ESPN’s planned Youth Day features:sowetochoir

Voices of South Africa: Soweto

A signature piece in the “Voices of South Africa” series, “Soweto” is a moving portrait of the Soweto Uprising and the spirit of the people who populate the township today. The memories of that terrible and significant day still linger, but the people have moved on, embracing their new freedoms and the possibilities a post-Apartheid South Africa offers them. The “Voices of South Africa” series was created exclusively for ESPN’s coverage of the 2010 FIFA World Cup.


Umlando: Sharpeville
In Episode Four of Sal and Hugh Masekela’s father and son journey through South Africa, Sal gains a deeper understanding of the troubled history of his father’s country – though he wasn’t prepared for what he would saw on March 21st, the 50th anniversary of the Sharpeville Massacre, one of the most significant days in the country’s history. The Sharpeville Massacre focused world attention on the evil of Apartheid, and today March 21st is commemorated around the world as International Human Rights Day. Hugh’s lifelong friend Moss Tau met Sal before dawn last March 21st to bring him to the old cemetery in Sharpeville – ground zero in the South African people’s great struggle for freedom. This episode of Umlando: Through My Father’s Eyes, produced by eight-time Emmy Award-winning director, writer and editor Jonathan Hock, is an informative and moving memorial to the Sharpeville Massacre and to the movement it inspired.


Masana Sam Nzima

Sal Masekela offers a feature about Masana Sam Nzima, the man who photographed 18-year-old schoolboy Mbuyisa Makhubo carrying away 12-year-old Hector Pieterson’s body away from the rioting crowd at the student protest in Soweto on June 16, 1976. He was both a witness and a documentarian on this day. Towards the end of 1976, the South African Security Police began targeting and going after students and journalists, as well as photographers, who had been at the June 16 uprising. This continued into 1977. A friend of Sam’s, who was a member of the Johannesburg police at the time, informed him that he was a target too. Sam then decided to go back to Lillydale. He fought for the legal rights to the photo for many years and now fully owns the image. Today, Sam still lives in Lillydale, Bushbuck Ridge, where he runs a school of photography after being donated a black and white enlarger by The Sowetan. He also serves on the Bushbuck Ridge municipal council and the council of Bohlabela District.

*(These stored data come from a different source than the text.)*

(* Let $\psi$ be a saturation with saturation level $\alpha>0$, let $u:[0,L]\to\mathbb{R}$ be a given velocity, and consider the explicit finite-volume scheme for $\partial_t\rho+\partial_x(\rho\psi(\rho)u(x))=0$ on $(0,L)$ described in the context. Fix $n$ and suppose $0\le\rho_i^n\le\alpha$ for all $i$. Then the updated values satisfy $0\le\rho_i^{n+1}\le\alpha$ for all $i$, provided $$\Delta t\le \Gamma\,\frac{\Delta x}{2\max_i|u_{i+1/2}|},\qquad \Gamma=\min\Big\{\frac{1}{\psi(0)},\gamma\Big\},\qquad \gamma=\inf_{s\in(0,\alpha)}\frac{\alpha-s}{\alpha\psi(s)}.$$
   Context: A saturation is a continuous function $\psi:[0,\infty)\to\mathbb{R}$ that is non-increasing and for which there is $\alpha>0$ (the saturation level) with $\psi(\alpha)=0$ and $(\alpha-s)\psi(s)>0$ for $s\neq\alpha$. Discretisation: $\Delta x=L/M$, cells $C_i=(x_{i-1/2},x_{i+1/2})$ with centres $x_i=\Delta x(i-1/2)$, $i=1,\dots,M$; time steps $t^n=n\Delta t$; $\rho_i^n$ is the value on cell $C_i$ at time $t^n$. The scheme is $$\frac{\rho_i^{n+1}-\rho_i^n}{\Delta t}+\frac{F_{i+1/2}^n-F_{i-1/2}^n}{\Delta x}=0,\qquad F_{i+1/2}^n=\rho_i^E\psi_{i+1}^W u_{i+1/2}^++\rho_{i+1}^W\psi_i^E u_{i+1/2}^-,$$ with no-flux boundary conditions $F_{1/2}^n=F_{M+1/2}^n=0$, where $u_{i+1/2}=u(x_{i+1/2})$, $a^+=\max\{a,0\}$, $a^-=\min\{a,0\}$, $\rho_i^E=\rho_i^n+\frac{\Delta x}{2}(\rho_x)_i^n$, $\rho_i^W=\rho_i^n-\frac{\Delta x}{2}(\rho_x)_i^n$, $\psi_i^E=\psi(\rho_i^E)$, $\psi_i^W=\psi(\rho_i^W)$, and $$(\rho_x)_i^n=\mathrm{minmod}\Big(\theta\frac{\rho_{i+1}^n-\rho_i^n}{\Delta x},\frac{\rho_{i+1}^n-\rho_{i-1}^n}{2\Delta x},\theta\frac{\rho_i^n-\rho_{i-1}^n}{\Delta x}\Big),\quad \theta=2,$$ where $\mathrm{minmod}(a,b,c)=\min(a,b,c)$ if $a,b,c>0$, $\max(a,b,c)$ if $a,b,c<0$, and $0$ otherwise. The hypothesis ''$0\le\rho_i^n\le\alpha$ for all $i$'' applies to all values entering the slope computations. *)

From Stdlib Require Import Reals Lra List.
Import ListNotations.
Open Scope R_scope.

Definition continuous_on_nonneg (f : R -> R) : Prop :=
  forall x, 0 <= x -> forall eps, 0 < eps ->
    exists delta, 0 < delta /\
      forall y, 0 <= y -> Rabs (y - x) < delta -> Rabs (f y - f x) < eps.

Definition is_saturation (psi : R -> R) (alpha : R) : Prop :=
  continuous_on_nonneg psi /\
  (forall x y, 0 <= x -> x <= y -> psi y <= psi x) /\
  0 < alpha /\ psi alpha = 0 /\
  (forall s, 0 <= s -> s <> alpha -> (alpha - s) * psi s > 0).

Definition is_inf (E : R -> Prop) (g : R) : Prop :=
  (forall x, E x -> g <= x) /\
  (forall b, (forall x, E x -> b <= x) -> b <= g).

Definition pos_part (a : R) : R := Rmax a 0.
Definition neg_part (a : R) : R := Rmin a 0.

Definition minmod (a b c : R) : R :=
  if Rlt_dec 0 a then
    (if Rlt_dec 0 b then (if Rlt_dec 0 c then Rmin a (Rmin b c) else 0) else 0)
  else if Rlt_dec a 0 then
    (if Rlt_dec b 0 then (if Rlt_dec c 0 then Rmax a (Rmax b c) else 0) else 0)
  else 0.

Definition theta : R := 2.

(* Cell values rho : nat -> R, cells i = 1..M; rho 0 and rho (M+1) are the
   values entering the slope computations at the boundary cells. *)
Definition slope (rho : nat -> R) (dx : R) (i : nat) : R :=
  minmod (theta * (rho (S i) - rho i) / dx)
         ((rho (S i) - rho (pred i)) / (2 * dx))
         (theta * (rho i - rho (pred i)) / dx).

Definition rhoE (rho : nat -> R) (dx : R) (i : nat) : R :=
  rho i + dx / 2 * slope rho dx i.
Definition rhoW (rho : nat -> R) (dx : R) (i : nat) : R :=
  rho i - dx / 2 * slope rho dx i.

(* interface x_{i+1/2} = dx * i *)
Definition interface (dx : R) (i : nat) : R := dx * INR i.

(* numerical flux F_{i+1/2}, with no-flux boundary conditions F_{1/2} = F_{M+1/2} = 0 *)
Definition flux (psi u : R -> R) (M : nat) (dx : R) (rho : nat -> R) (i : nat) : R :=
  if Nat.eqb i 0 then 0 else if Nat.eqb i M then 0 else
  let ui := u (interface dx i) in
  rhoE rho dx i * psi (rhoW rho dx (S i)) * pos_part ui
  + rhoW rho dx (S i) * psi (rhoE rho dx i) * neg_part ui.

Definition step (psi u : R -> R) (M : nat) (dx dt : R) (rho : nat -> R) (i : nat) : R :=
  rho i - dt / dx * (flux psi u M dx rho i - flux psi u M dx rho (pred i)).

Definition umax (u : R -> R) (M : nat) (dx : R) : R :=
  fold_right Rmax 0 (map (fun i => Rabs (u (interface dx i))) (seq 0 (S M))).

(* The reconstructed interface values stay in [0, alpha] because the minmod
   slope never overshoots the neighbouring cell averages, and rho_i is their
   mean: rho_i = (rho_i^E + rho_i^W) / 2.  The update at cell i involves the
   outgoing fluxes through both interfaces, each bounded by rho_i^E psi(0) U
   resp. rho_i^W psi(0) U, and the incoming ones, each bounded by
   alpha psi(rho_i^E) U resp. alpha psi(rho_i^W) U, where U = max |u|.  The
   CFL condition makes the first pair at most rho_i and the second pair at most
   (alpha - rho_i^E)/2 + (alpha - rho_i^W)/2 = alpha - rho_i; this is exactly
   what gamma and 1/psi(0) encode. *)
From Stdlib Require Import Reals Lra List Lia.
Open Scope R_scope.

Lemma Rmult3_bounds a b c a' b' c' :
  0 <= a <= a' -> 0 <= b <= b' -> 0 <= c <= c' -> 0 <= a * b * c <= a' * b' * c'.
Proof.
  intros Ha Hb Hc; split.
  - apply Rmult_le_pos; [apply Rmult_le_pos|]; lra.
  - apply Rmult_le_compat; try lra.
    + apply Rmult_le_pos; lra.
    + apply Rmult_le_compat; lra.
Qed.

Lemma pos_part_bounds v U : Rabs v <= U -> 0 <= pos_part v <= U.
Proof. unfold pos_part, Rmax, Rabs; destruct Rle_dec, Rcase_abs; lra. Qed.

Lemma neg_part_bounds v U : Rabs v <= U -> - U <= neg_part v <= 0.
Proof. unfold neg_part, Rmin, Rabs; destruct Rle_dec, Rcase_abs; lra. Qed.

Lemma fold_right_Rmax_ge0 l : 0 <= fold_right Rmax 0 l.
Proof.
  induction l as [|x l IH]; simpl; [lra|].
  eapply Rle_trans; [exact IH | apply Rmax_r].
Qed.

Lemma In_le_fold_right_Rmax x l : In x l -> x <= fold_right Rmax 0 l.
Proof.
  induction l as [|y l IH]; simpl; [tauto|].
  intros [<- | Hx]; [apply Rmax_l|].
  eapply Rle_trans; [exact (IH Hx) | apply Rmax_r].
Qed.

Lemma umax_ge0 u M dx : 0 <= umax u M dx.
Proof. apply fold_right_Rmax_ge0. Qed.

Lemma Rabs_le_umax u M dx j : (j <= M)%nat -> Rabs (u (interface dx j)) <= umax u M dx.
Proof.
  intros Hj; apply In_le_fold_right_Rmax.
  apply (in_map (fun k => Rabs (u (interface dx k)))), in_seq; lia.
Qed.

Lemma minmod_bounds a b c :
  (0 < minmod a b c -> minmod a b c <= a /\ minmod a b c <= c) /\
  (minmod a b c < 0 -> a <= minmod a b c /\ c <= minmod a b c).
Proof. unfold minmod, Rmin, Rmax; repeat destruct Rlt_dec; repeat destruct Rle_dec; lra. Qed.

Lemma rhoE_add_rhoW rho dx j : rhoE rho dx j + rhoW rho dx j = 2 * rho j.
Proof. unfold rhoE, rhoW; ring. Qed.

Lemma reconstruction_between rho dx lo hi j : 0 < dx ->
  lo <= rho (pred j) <= hi -> lo <= rho j <= hi -> lo <= rho (S j) <= hi ->
  lo <= rhoE rho dx j <= hi /\ lo <= rhoW rho dx j <= hi.
Proof.
  intros Hdx Hl Hc Hr; unfold rhoE, rhoW.
  pose proof (minmod_bounds (theta * (rho (S j) - rho j) / dx)
                ((rho (S j) - rho (pred j)) / (2 * dx))
                (theta * (rho j - rho (pred j)) / dx)) as [Hpos Hneg].
  fold (slope rho dx j) in Hpos, Hneg; set (m := slope rho dx j) in *.
  assert (Hscale : forall x y, x <= y -> dx / 2 * x <= dx / 2 * y)
    by (intros; apply Rmult_le_compat_l; lra).
  assert (Hright : dx / 2 * (theta * (rho (S j) - rho j) / dx) = rho (S j) - rho j)
    by (unfold theta; field; lra).
  assert (Hleft : dx / 2 * (theta * (rho j - rho (pred j)) / dx) = rho j - rho (pred j))
    by (unfold theta; field; lra).
  destruct (Rtotal_order 0 m) as [Hm | [<- | Hm]].
  - destruct (Hpos Hm) as [Ha Hc'].
    apply Hscale in Ha, Hc'; pose proof (Hscale 0 m ltac:(lra)); lra.
  - lra.
  - destruct (Hneg Hm) as [Ha Hc'].
    apply Hscale in Ha, Hc'; pose proof (Hscale m 0 ltac:(lra)); lra.
Qed.

Section Saturation.

Variables (psi : R -> R) (alpha : R).
Hypothesis psi_sat : is_saturation psi alpha.

Lemma alpha_pos : 0 < alpha.
Proof. apply psi_sat. Qed.

Lemma psi_pos s : 0 <= s < alpha -> 0 < psi s.
Proof.
  intros Hs; destruct psi_sat as (_ & _ & _ & _ & Hsign).
  pose proof (Hsign s ltac:(lra) ltac:(lra)); nra.
Qed.

Lemma psi_between s : 0 <= s <= alpha -> 0 <= psi s <= psi 0.
Proof.
  intros Hs; destruct psi_sat as (_ & Hmono & _ & Halpha & _); split.
  - rewrite <- Halpha; apply Hmono; lra.
  - apply Hmono; lra.
Qed.

(* The infimum defining gamma runs over the open interval (0, alpha), so the
   endpoint s = 0 is covered by the 1/psi(0) part of Gamma instead. *)
Lemma Gamma_mul_alpha_psi_le gamma s :
  (forall s, 0 < s < alpha -> gamma <= (alpha - s) / (alpha * psi s)) ->
  0 <= s <= alpha -> Rmin (1 / psi 0) gamma * (alpha * psi s) <= alpha - s.
Proof.
  intros Hgamma Hs; pose proof alpha_pos as Ha.
  destruct (Req_dec s alpha) as [-> | Hne].
  { destruct psi_sat as (_ & _ & _ & -> & _); lra. }
  pose proof (psi_pos s ltac:(lra)) as Hps.
  destruct (Req_dec s 0) as [-> | Hn0].
  - replace (alpha - 0) with (1 / psi 0 * (alpha * psi 0)) by (field; lra).
    apply Rmult_le_compat_r; [nra | apply Rmin_l].
  - replace (alpha - s) with ((alpha - s) / (alpha * psi s) * (alpha * psi s))
      by (field; nra).
    apply Rmult_le_compat_r; [nra|].
    eapply Rle_trans; [apply Rmin_r | apply Hgamma; lra].
Qed.

Lemma upwind_flux_bounds e w v U :
  0 <= e <= alpha -> 0 <= w <= alpha -> Rabs v <= U ->
  let F := e * psi w * pos_part v + w * psi e * neg_part v in
  - (alpha * psi e * U) <= F /\ F <= e * psi 0 * U /\
  - (w * psi 0 * U) <= F /\ F <= alpha * psi w * U.
Proof.
  intros He Hw Hv F.
  pose proof (psi_between e He); pose proof (psi_between w Hw).
  pose proof (pos_part_bounds v U Hv); pose proof (neg_part_bounds v U Hv).
  assert (Hout := Rmult3_bounds e (psi w) (pos_part v) e (psi 0) U).
  assert (Hout' := Rmult3_bounds e (psi w) (pos_part v) alpha (psi w) U).
  assert (Hin := Rmult3_bounds w (psi e) (- neg_part v) w (psi 0) U).
  assert (Hin' := Rmult3_bounds w (psi e) (- neg_part v) alpha (psi e) U).
  assert (Hneg : w * psi e * neg_part v = - (w * psi e * - neg_part v)) by ring.
  unfold F; rewrite Hneg; repeat split; lra.
Qed.

End Saturation.

Section Scheme.

Variables (psi u : R -> R) (alpha : R) (M : nat) (dx dt : R) (rho : nat -> R).
Hypothesis psi_sat : is_saturation psi alpha.
Hypothesis dx_pos : 0 < dx.
Hypothesis rho_range : forall k, (k <= S M)%nat -> 0 <= rho k <= alpha.

Local Notation U := (umax u M dx).
Local Notation E := (rhoE rho dx).
Local Notation W := (rhoW rho dx).
Local Notation F := (flux psi u M dx rho).

Lemma reconstruction_range j : (j <= M)%nat -> 0 <= E j <= alpha /\ 0 <= W j <= alpha.
Proof. intros Hj; apply reconstruction_between; auto; apply rho_range; lia. Qed.

Lemma flux_interior_bounds j : (0 < j < M)%nat ->
  - (alpha * psi (E j) * U) <= F j /\ F j <= E j * psi 0 * U /\
  - (W (S j) * psi 0 * U) <= F j /\ F j <= alpha * psi (W (S j)) * U.
Proof.
  intros Hj; unfold flux.
  replace (Nat.eqb j 0) with false by (symmetry; apply Nat.eqb_neq; lia).
  replace (Nat.eqb j M) with false by (symmetry; apply Nat.eqb_neq; lia).
  apply upwind_flux_bounds; auto.
  - apply reconstruction_range; lia.
  - apply reconstruction_between; auto; apply rho_range; lia.
  - apply Rabs_le_umax; lia.
Qed.

Lemma flux_boundary j : j = 0%nat \/ j = M -> F j = 0.
Proof.
  intros [-> | ->]; unfold flux; [reflexivity|].
  destruct (Nat.eqb M 0); [|rewrite Nat.eqb_refl]; reflexivity.
Qed.

Lemma flux_right_bounds i : (1 <= i <= M)%nat ->
  - (alpha * psi (E i) * U) <= F i <= E i * psi 0 * U.
Proof.
  intros Hi; destruct (Nat.eq_dec i M) as [-> | Hne].
  - rewrite flux_boundary by auto.
    destruct (reconstruction_range M (le_n M)) as [HE _].
    pose proof (psi_between psi alpha psi_sat _ HE); pose proof (umax_ge0 u M dx).
    assert (0 <= alpha * psi (E M) * U) by (apply Rmult3_bounds with alpha (psi (E M)) U; lra).
    assert (0 <= E M * psi 0 * U) by (apply Rmult3_bounds with (E M) (psi 0) U; lra).
    lra.
  - pose proof (flux_interior_bounds i ltac:(lia)); lra.
Qed.

Lemma flux_left_bounds i : (1 <= i <= M)%nat ->
  - (W i * psi 0 * U) <= F (pred i) <= alpha * psi (W i) * U.
Proof.
  intros Hi; destruct (Nat.eq_dec i 1) as [-> | Hne].
  - rewrite flux_boundary by auto.
    destruct (reconstruction_range 1 ltac:(lia)) as [_ HW].
    pose proof (psi_between psi alpha psi_sat _ HW); pose proof (umax_ge0 u M dx).
    assert (0 <= alpha * psi (W 1%nat) * U) by (apply Rmult3_bounds with alpha (psi (W 1%nat)) U; lra).
    assert (0 <= W 1%nat * psi 0 * U) by (apply Rmult3_bounds with (W 1%nat) (psi 0) U; lra).
    lra.
  - pose proof (flux_interior_bounds (pred i) ltac:(lia)).
    replace (S (pred i)) with i in * by lia; lra.
Qed.

Hypothesis dt_nonneg : 0 <= dt.
Hypothesis cfl : forall s, 0 <= s <= alpha -> 2 * (dt / dx) * U * (alpha * psi s) <= alpha - s.

Lemma step_range i : (1 <= i <= M)%nat -> 0 <= step psi u M dx dt rho i <= alpha.
Proof.
  intros Hi; unfold step.
  set (lam := dt / dx) in cfl |- *.
  assert (Hlam : 0 <= lam) by (apply Rle_mult_inv_pos; lra).
  assert (Hscale : forall x y, x <= y -> lam * x <= lam * y)
    by (intros; apply Rmult_le_compat_l; lra).
  pose proof (rhoE_add_rhoW rho dx i) as Hmean.
  destruct (reconstruction_range i ltac:(lia)) as [HE HW].
  pose proof (flux_right_bounds i Hi) as [HrL HrU].
  pose proof (flux_left_bounds i Hi) as [HlL HlU].
  pose proof (alpha_pos psi alpha psi_sat) as Ha.
  assert (Hout : lam * (F i - F (pred i)) <= rho i).
  { assert (Hcfl0 : 2 * lam * U * psi 0 <= 1).
    { pose proof (cfl 0 ltac:(lra)).
      apply Rmult_le_reg_l with alpha; [lra|]; nra. }
    pose proof (Hscale _ _ (Rplus_le_compat _ _ _ _ HrU (Ropp_le_contravar _ _ HlL))).
    assert (rho i * (2 * lam * U * psi 0) <= rho i * 1)
      by (apply Rmult_le_compat_l; [apply rho_range; lia | exact Hcfl0]).
    nra. }
  assert (Hin : lam * (F (pred i) - F i) <= alpha - rho i).
  { pose proof (cfl (E i) HE); pose proof (cfl (W i) HW).
    pose proof (Hscale _ _ (Rplus_le_compat _ _ _ _ HlU (Ropp_le_contravar _ _ HrL))).
    nra. }
  split; nra.
Qed.

End Scheme.

Theorem proposition2p4
  (psi : R -> R) (alpha : R) (u : R -> R) (L : R) (M : nat) (dt : R)
  (rho : nat -> R) (gamma : R) :
  is_saturation psi alpha ->
  0 < L -> (1 <= M)%nat -> 0 < dt ->
  is_inf (fun y => exists s, 0 < s < alpha /\ y = (alpha - s) / (alpha * psi s)) gamma ->
  (forall i, (i <= S M)%nat -> 0 <= rho i <= alpha) ->
  dt * (2 * umax u M (L / INR M)) <= Rmin (1 / psi 0) gamma * (L / INR M) ->
  forall i, (1 <= i <= M)%nat ->
    0 <= step psi u M (L / INR M) dt rho i <= alpha.
Proof.
  intros Hsat HL HM Hdt [Hgamma _] Hrho Hcfl.
  set (dx := L / INR M) in *.
  assert (Hdx : 0 < dx) by (apply Rdiv_lt_0_compat; [lra | apply lt_0_INR; lia]).
  apply step_range; auto; [lra|].
  intros s Hs.
  assert (Hcourant : 2 * (dt / dx) * umax u M dx <= Rmin (1 / psi 0) gamma).
  { apply Rmult_le_reg_r with dx; [lra|].
    replace (2 * (dt / dx) * umax u M dx * dx) with (dt * (2 * umax u M dx)) by (field; lra).
    exact Hcfl. }
  eapply Rle_trans; [| apply (Gamma_mul_alpha_psi_le psi alpha Hsat gamma s); auto].
  - apply Rmult_le_compat_r; [|exact Hcourant].
    pose proof (psi_between psi alpha Hsat s Hs); pose proof (alpha_pos psi alpha Hsat); nra.
  - intros s' Hs'; apply Hgamma; exists s'; auto.
Qed.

Soweto Feature: ‘A Man that Marched’

In 1976, the South African government introduced the mandatory use of Afrikaans language as a medium of instruction in the black school systems. Tension over this new ruling mounted and, on June 16, thousands of students gathered to march in protest. The plan was to march from school to Orlando Stadium to list their grievances, but this didn’t happen. A Man that Marched tells the story through a first person account of that fateful and politically significant day by a man who was there. Revealing, emotional, sometimes haunting, the piece is an unfiltered look back at a day South Africa will never forget.

Apartheid Museum Feature

Tau, ESPN’s South Africa cultural consultant, takes Foudy on a tour of the Apartheid Museum in Johannesburg where he shares the first-hand experience of what he and his country went through to end Apartheid. It took years of struggle, but freedom ultimately came to South Africa, and the museum conveys the nation’s startling legacy of oppression.


What is Youth Day? Feature

The events of June 16, 1976 were horrifying, unforgettable and historically significant. From the tragedy of the Soweto Uprising, a national holiday has emerged. Since high school students were the ones who took up the cause against the mandate to teach in Afrikaans, the language of their oppressors, the youth of South Africa are honored on June 16th for their commitment and their courage in facing down the armed forces of the Apartheid Government. This feature explores the holiday as it is currently observed, not as a day of mourning but as a day of remembrance and celebration.